When Wintergreen turned to automated snowmaking, it was hoping for more snow, less staff, and considerable savings. Did it work?

Written by Robin R. Smith, SnowConsult | 0 comment

Is automated snowmaking worth the investment? As energy costs rise and labor becomes more problematic, the experience of Wintergreen, Va., is worth attention.

Wintergreen migrated from a 100 percent manual snowmaking system in 2001 to a 100 percent automatic system in 2005. The financial gains of partial automation are often masked by the labor and energy costs of the remaining manual system. Wintergreen, though, reveals a much clearer picture.

In 2001, Wintergreen CEO Bob Ashton heard the promises of automation, including its capabilities in marginal temperatures, and during intermittent hours of snowmaking opportunity, for rapid recovery and for providing consistent snow quality.
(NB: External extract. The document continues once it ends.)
(* Let $q>1$ and let $\rho$ be a positive $2\pi$-periodic $C^2$ function with $(\ln\rho)''(t)<\sqrt{q}/(1+\sqrt{q})$ for all $t$; let $y(\theta)=\rho(\theta)(\cos\theta,\sin\theta)^T$, and let $\phi$ be a continuous function on $\mathbb{S}^1$. With the notation in the context, suppose there is a sequence of positive numbers $k_n\to\infty$ such that for every $\eta\in\mathbb{S}^1$ and every integer $N\ge0$, $$\sum_{j,l=1}^2\big(f_\eta^{j,l}\big)^N\frac{\phi(\mathcal{T}_{j,l}\eta+\delta_{l,2}\pi)\,\Psi_\eta^{j,l}}{|\det D^2\psi_\eta^{j,l}|^{1/2}}\,e^{\mathrm{i}\pi\frac{(-1)^l(1-(-1)^j)}{4}+\mathrm{i}k_n\psi_\eta^{j,l}}\longrightarrow0\quad(n\to\infty).$$ Let $\eta\in\mathbb{S}^1$ satisfy $\rho'(\theta_\eta+\pi)=0\neq\rho'(\theta_\eta)$. Then $\phi(\mathcal{T}_{1,1}\eta)=\phi(\mathcal{T}_{2,2}\eta+\pi)=0$. Moreover, $\phi(\theta_\eta)$ and $\phi(\theta_\eta+\pi)$ are either both zero or both nonzero.
   Context: Identify $\mathbb{S}^1$ with $\mathbb{R}/(2\pi\mathbb{Z})$ via $\theta\mapsto(\cos\theta,\sin\theta)^T$; $\theta_\eta$ is the angle of $\eta$, and $x^\perp=(-x_2,x_1)^T$. For $\eta\in\mathbb{S}^1$ and $\xi=(\cos\theta_\xi,\sin\theta_\xi)$: $\psi_\eta(\theta,\theta_\xi)=(\sqrt{q}\eta+\xi)\cdot y(\theta)$, $\Psi_\eta(\theta,\theta_\xi)=-(\sqrt{q}\eta-\xi)\cdot y'(\theta)^\perp$, and $D^2\psi_\eta(\theta,\theta_\xi)=\begin{bmatrix}(\sqrt{q}\eta+\xi)\cdot y''(\theta)&\xi^\perp\cdot y'(\theta)\\ \xi^\perp\cdot y'(\theta)&-\xi\cdot y(\theta)\end{bmatrix}$. For $l\in\{1,2\}$ let $\eta_l=(-1)^{l-1}\eta$, $\theta_q=\arccos(1/\sqrt q)$, $h(\theta)=\frac{\sqrt q\sin\theta}{\sqrt q\cos\theta+1}$; the equation $(\ln\rho)'(\theta)=h(\theta-\theta_{\eta_l})$ has exactly two solutions in $\mathbb{R}/(2\pi\mathbb{Z})$: $\mathcal{T}_{1,l}\eta$ with $\theta-\theta_{\eta_l}\in(\theta_q-\pi,\pi-\theta_q)$ and $\mathcal{T}_{2,l}\eta$ with $\theta-\theta_{\eta_l}\in(\pi-\theta_q,\pi+\theta_q)$ (mod $2\pi$). Set $\{\Psi_\eta^{j,l},\psi_\eta^{j,l},D^2\psi_\eta^{j,l}\}=\{\Psi_\eta,\psi_\eta,D^2\psi_\eta\}(\mathcal{T}_{j,l}\eta,\mathcal{T}_{j,l}\eta+\delta_{l,2}\pi)$ (these determinants are nonzero) and $f_\eta^{j,l}=\rho(\mathcal{T}_{j,l}\eta)\sin(\mathcal{T}_{j,l}\eta-\theta_\eta)$; $\delta_{l,2}$ is the Kronecker delta and $\phi$ is viewed as a function of the angle. *)

From Stdlib Require Import Reals Ratan ZArith.
From Coquelicot Require Import Coquelicot.
Open Scope R_scope.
Total automation also promised dramatically reduced labor and energy costs. Ashton felt that Wintergreen could be the “poster child” for automation. York Snow offered a system analysis and proposal.


From the 2001 analysis:
“The existing snowmaking system at Wintergreen Resort uses a mixed bag of first-generation compressed air and water guns and some more modern low-E guns. Many of the older snow guns have A/W ratios of 20:1 or greater at the marginal temperatures Wintergreen often struggles with. . . . they are extremely expensive to operate by modern standards. They require constant manual adjustment to keep them on their performance curve, which is always a losing battle . . . The starting and initial optimization . . . can take several hours. Shut down can take another hour. Smaller windows of “cold time” are missed or underutilized. The low-energy guns . . . are simply not effective at very marginal temperatures. Wintergreen’s current system . . . costs too much to run for the performance it delivers.”

Predictably, York recommended full trail automation, claiming:

• Wintergreen could open 75 percent of its terrain before Christmas—something that was completely unprecedented.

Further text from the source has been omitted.